I’m a grab-the-bull-by-the-horns kind of guy. I don’t like to sit back and wait for things to happen, and I certainly don’t shy away from new ideas or opportunities, especially if they’re good ones. So it’s increasingly frustrating to watch a group like the National Association of Insurance Commissioners continue to spin their wheels when presented with yet another opportunity to be proactive on an issue so essential to the industry.
As you know, the Nonadmitted and Reinsurance Reform Act (NRRA) was enacted into law last July as part of the Dodd-Frank Wall Street Reform and Consumer Protection Act. The NRRA reforms the regulation of surplus lines insurance by limiting regulatory authority over surplus lines transactions to the home state of the insured and by setting federal standards for the collection of surplus lines premium taxes, insurer eligibility and commercial purchaser exemptions. In what has been one of the most costly, time-consuming and fortitude-testing exercises brokers have struggled with over the years, the signing of the NRRA legislation last summer was something worth celebrating. It will provide great opportunities in the surplus lines marketplace for those who are ready to capitalize on them.

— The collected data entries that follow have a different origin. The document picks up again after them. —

(* Let $\Gamma$ be a group. For every finite symmetric subset $S\subseteq\Gamma$ we have $N'(\mathbf{1}_S)=e(\Gamma,S)\,|S|$.
   Context: For $f\colon\Gamma\to\mathbf{C}$, $N'(f)=\sup_F\frac1{|F|}\sum_{a,b\in F}|f(a^{-1}b)|$, the supremum over all non-empty finite $F\subseteq\Gamma$. $\mathrm{Cay}(\Gamma,S)$ is the graph with vertex set $\Gamma$ and an edge between $g$ and $gs$ for each $s\in S$; $\partial_SF$ is the set of edges joining a finite set $F$ to its complement; $h(\Gamma,S)=\inf_F|\partial_SF|/|F|$ over non-empty finite $F$; $e(\Gamma,S)=1-h(\Gamma,S)/|S|$. *)

From HB Require Import structures.
From mathcomp Require Import all_boot all_order all_algebra.
From mathcomp Require Import monoid.
From mathcomp Require Import finmap.
From mathcomp Require Import all_classical all_reals.
From mathcomp Require Import ereal.

Set Implicit Arguments.
Unset Strict Implicit.
Unset Printing Implicit Defensive.

Import Order.TTheory GRing.Theory Num.Theory.
Local Open Scope fset_scope.
Local Open Scope ring_scope.

Definition symmetric_fset (G : groupType) (S : {fset G}) : Prop :=
  forall s, s \in S -> (s^-1)%g \in S.

Definition Nprime (R : realType) (G : groupType) (V : normedZmodType R)
    (f : G -> V) : \bar R :=
  ereal_sup [set x : \bar R | exists F : {fset G}, F != fset0 /\
     x = ((#|` F|%:R)^-1 * \sum_(a <- F) \sum_(b <- F) `|f (a^-1 * b)%g|)%:E].

Definition indic (R : realType) (G : groupType) (S : {fset G}) (g : G) : R :=
  if g \in S then 1 else 0.

(* ∂_S F: edges of Cay(Γ,S) joining F to its complement.  Each such edge    *)
(* {g, g s} with g ∈ F, g s ∉ F is represented by the ordered pair          *)
(* (g, g s) (its orientation leaving F), which determines it uniquely.      *)
Definition edge_boundary (G : groupType) (S F : {fset G}) : {fset G * G} :=
  [fset p | p in F `*` [fset (g * s)%g | g in F, s in S] &
            ((p.1^-1 * p.2)%g \in S) && (p.2 \notin F)].

Definition cheeger (R : realType) (G : groupType) (S : {fset G}) : R :=
  inf [set r : R | exists F : {fset G}, F != fset0 /\
     r = (#|` edge_boundary S F|%:R) / (#|` F|%:R)].

Definition econst (R : realType) (G : groupType) (S : {fset G}) : R :=
  1 - cheeger R S / (#|` S|%:R).

(* Each a in F has |S| neighbours a s in Cay(Γ,S): those inside F are counted
   by the sum over b in F of 1_S(a^-1 b), those outside are the boundary edges
   leaving a.  Summing over a in F gives
   sum_{a,b in F} 1_S(a^-1 b) + |∂_S F| = |F| |S|, so the average in N'(1_S)
   equals |S| - |∂_S F|/|F|, and the supremum over F of this is
   |S| - h(Γ,S) = e(Γ,S) |S|. *)

From HB Require Import structures.
From mathcomp Require Import all_boot all_order all_algebra.
From mathcomp Require Import monoid finmap.
From mathcomp Require Import all_classical all_reals ereal.
Import Order.TTheory GRing.Theory Num.Theory.
Local Open Scope fset_scope.

Lemma count_mem_uniqC (T : eqType) (s1 s2 : seq T) :
  uniq s1 -> uniq s2 -> count (mem s2) s1 = count (mem s1) s2.
Proof.
move=> s1_uniq s2_uniq; rewrite -!size_filter; apply/perm_size/uniq_perm.
- exact: filter_uniq.
- exact: filter_uniq.
by move=> x; rewrite !mem_filter andbC.
Qed.

Section CayleyCounting.
Variables (G : groupType) (S F : {fset G}).

Lemma count_translate (a : G) :
  count (fun b => (a^-1 * b)%g \in S) F = count (fun s => (a * s)%g \in F) S.
Proof.
have mem_translate b : (b \in map (mul a) S) = ((a^-1 * b)%g \in S).
  by rewrite -{1}(mulVKg a b) (mem_map (mulgI a)).
rewrite -(eq_count mem_translate) count_mem_uniqC ?fset_uniq ?count_map //.
by rewrite (map_inj_uniq (mulgI a)) fset_uniq.
Qed.

Lemma edge_boundaryE :
  edge_boundary S F =
  [fset (a, (a * s)%g) | a in F, s in [fset s in S | (a * s)%g \notin F]].
Proof.
apply/fsetP => -[b c]; rewrite !inE /=; apply/idP/idP.
  case/and3P => /andP[bF _] bcS cF.
  apply/(@imfset2P _ _ G (fun=> G)); exists b => //; exists (b^-1 * c)%g.
    by rewrite !inE bcS mulVKg.
  by rewrite mulVKg.
case/(@imfset2P _ _ G (fun=> G)) => a aF [s]; rewrite !inE => /andP[sS asF].
case=> -> ->; rewrite mulKg sS asF aF !andbT /=.
by apply/(@imfset2P _ _ G (fun=> G)); exists a => //; exists s.
Qed.

Lemma card_edge_boundary :
  #|` edge_boundary S F| = (\sum_(a <- F) count (fun s => (a * s)%g \notin F) S)%N.
Proof.
rewrite edge_boundaryE card_fset_sum1 big_imfset2 /=; last first.
  by move=> [a s] [a' s'] _ _ [<-] /mulgI ->.
by apply: eq_bigr => a _; rewrite big_fset /= sum1_count.
Qed.

Lemma count_inner_add_card_edge_boundary :
  (\sum_(a <- F) count (fun b => (a^-1 * b)%g \in S) F + #|` edge_boundary S F|)%N
  = (#|` F| * #|` S|)%N.
Proof.
rewrite card_edge_boundary -big_split card_fset_sum1 big_distrl /=.
by apply: eq_bigr => a _; rewrite count_translate count_predC mul1n.
Qed.

Lemma card_edge_boundary_le : (#|` edge_boundary S F| <= #|` F| * #|` S|)%N.
Proof. by rewrite -count_inner_add_card_edge_boundary leq_addl. Qed.

End CayleyCounting.

Local Open Scope ring_scope.
Local Open Scope classical_set_scope.

Lemma sup_sub_inf (R : realType) (c : R) (A : set R) :
  A !=set0 -> has_lbound A -> sup [set c - r | r in A] = c - inf A.
Proof.
move=> [r Ar] [m mA].
have -> : [set c - r | r in A] = [set x + y | x in [set c] & y in -%R @` A].
  apply/seteqP; split => x.
    by move=> [r' Ar' <-]; exists c => //; exists (- r') => //; exists r'.
  by move=> [_ -> [_ [r' Ar' <-] <-]]; exists r'.
rewrite sup_sumE ?sup1 /inf ?opprK //.
split; first by exists (- r), r.
by exists (- m) => _ [r' Ar' <-]; rewrite lerN2 mA.
Qed.

Definition boundary_ratios (R : realType) {G : groupType} (S : {fset G}) : set R :=
  [set r | exists F : {fset G}, F != fset0 /\
     r = (#|` edge_boundary S F|%:R) / (#|` F|%:R)].

Section IndicatorOfGenerators.
Variables (R : realType) (G : groupType) (S : {fset G}).

Lemma sum_norm_indic (F : {fset G}) (a : G) :
  \sum_(b <- F) `|indic R S (a^-1 * b)%g| = (count (fun b => (a^-1 * b)%g \in S) F)%:R.
Proof.
rewrite -sum1_count natr_sum [RHS]big_mkcond; apply: eq_bigr => b _.
by rewrite /indic; case: ifP; rewrite ?normr1 ?normr0.
Qed.

Lemma mean_norm_indic (F : {fset G}) : F != fset0 ->
  (#|` F|%:R)^-1 * \sum_(a <- F) \sum_(b <- F) `|indic R S (a^-1 * b)%g|
  = #|` S|%:R - (#|` edge_boundary S F|%:R) / (#|` F|%:R).
Proof.
move=> F_neq0; have cardF_neq0 : (#|` F|%:R : R) != 0.
  by rewrite pnatr_eq0 cardfs_eq0.
apply: (mulfI cardF_neq0); rewrite mulrA divff // mul1r mulrBr mulrCA divff // mulr1.
rewrite -natrM -count_inner_add_card_edge_boundary natrD natr_sum addrK.
by apply: eq_bigr => a _; rewrite sum_norm_indic.
Qed.

Lemma boundary_ratios_neq0 : boundary_ratios R S !=set0.
Proof.
exists ((#|` edge_boundary S [fset 1%g]|%:R) / (#|` [fset (1%g : G)]|%:R)).
by exists [fset 1%g]; split => //; apply/eqP => /fsetP/(_ 1%g); rewrite !inE eqxx.
Qed.

Lemma boundary_ratio_ge0 {r : R} : boundary_ratios R S r -> 0 <= r.
Proof. by move=> [F [_ ->]]; rewrite divr_ge0. Qed.

Lemma boundary_ratio_le_card {r : R} : boundary_ratios R S r -> r <= #|` S|%:R.
Proof.
move=> [F [F_neq0 ->]]; have cardF_gt0 : (0 : R) < #|` F|%:R.
  by rewrite ltr0n cardfs_gt0.
by rewrite ler_pdivrMr // mulrC -natrM ler_nat card_edge_boundary_le.
Qed.

Lemma cheeger_ge0 : 0 <= cheeger R S.
Proof.
apply: lb_le_inf; first exact: boundary_ratios_neq0.
by move=> r; exact: boundary_ratio_ge0.
Qed.

Lemma cheeger_le_card : cheeger R S <= #|` S|%:R.
Proof.
have [r Ar] := boundary_ratios_neq0.
apply: le_trans (boundary_ratio_le_card Ar); apply: ge_inf => //.
by exists 0 => r'; exact: boundary_ratio_ge0.
Qed.

(* For S empty the division in econst is by 0, but then h(Γ,S) = 0 as well. *)
Lemma econst_mul_card : econst R S * #|` S|%:R = #|` S|%:R - cheeger R S.
Proof.
have [S0|S_neq0] := eqVneq (#|` S|%:R : R) 0; last by rewrite mulrBl mul1r divfK.
have cheeger0 : cheeger R S = 0.
  by apply/le_anti; rewrite cheeger_ge0 andbT -[X in _ <= X]S0 cheeger_le_card.
by rewrite S0 cheeger0 mulr0 subr0.
Qed.

Lemma Nprime_indicE : Nprime (indic R S) =
  ereal_sup (EFin @` [set #|` S|%:R - r | r in boundary_ratios R S]).
Proof.
congr ereal_sup; apply/seteqP; split => x.
  move=> [F [F_neq0 ->]]; rewrite mean_norm_indic //.
  by do 2 apply: imageP; exists F.
by move=> [_ [_ [F [F_neq0 ->]] <-] <-]; exists F; rewrite mean_norm_indic.
Qed.

End IndicatorOfGenerators.

Theorem proposition4p2 (R : realType) (G : groupType) (S : {fset G}) :
  symmetric_fset S ->
  Nprime (indic R S) = (econst R S * (#|` S|%:R))%:E.
Proof.
move=> _; rewrite Nprime_indicE econst_mul_card (@ereal_sup_EFin R) ?sup_sub_inf //.
- exact: boundary_ratios_neq0.
- by exists 0 => r; exact: boundary_ratio_ge0.
- exists #|` S|%:R => _ [r Ar <-]; rewrite lerBlDr lerDl.
  by move: Ar; exact: boundary_ratio_ge0.
- by have [r Ar] := boundary_ratios_neq0 R G S; exists (#|` S|%:R - r), r.
Qed.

Since then, however, there has been no clear-cut direction on the next step individual states should take. Instead of establishing rules and regulations for the states to act in a uniform manner in the collection of surplus lines taxes and in regulation between the states, the NAIC adopted the Nonadmitted Insurance Multistate Agreement (NIMA)—a solution that does nothing to tackle the standardization of surplus lines regulation. The NAIC was practically handed an engraved invitation by Congress to pursue greater uniformity yet chose once again to take the easy way out by doing the minimum possible to effectuate the new law.
The other principal framework that states are using to comply with the NRRA is the Surplus Lines Insurance Multi-State Compliance Compact (Slimpact). Developed by the National Conference of Insurance Legislators (NCOIL), Slimpact is a more comprehensive approach, addressing tax collection, allocation issues, and other regulatory concerns, such as insurer eligibility, insured “home state” determinations, and commercial purchaser exemptions. The Council would much prefer that states adopt the Slimpact approach. But in these tight fiscal times, the political will just doesn’t seem to be there.
At this stage, some states have adopted NIMA, other states have adopted Slimpact, and still others have not taken any action. The problem is, when the law takes effect on July 21, surplus lines brokers will need to look to both the NRRA and the laws of the home state of the insured to determine what they need to do to comply with all applicable rules. And as long as this patchwork of laws is in place, confusion among regulators and licensees will continue to be alive and well.
Despite the lack of NAIC leadership on this issue, we feel that the implementation of the law will still make things markedly better than they are now. Granted, we’re all likely to hit some bumps in the road along the way, but ultimately we’ll be better off. We will continue to be vigilant about monitoring the states to ensure they implement the law the way it was intended. And it won’t be long before we see a vast improvement from the old method of placing multi-state surplus lines policies, which was built on a foundation of complexity and disorder.
Change is never easy. And grabbing any bull by the horns oftentimes results in a few cuts and bruises. But ushering out inconsistency and conflict in place of a single state regulatory system for surplus lines placements is of vital importance for our industry and will be incredibly beneficial for the market going forward.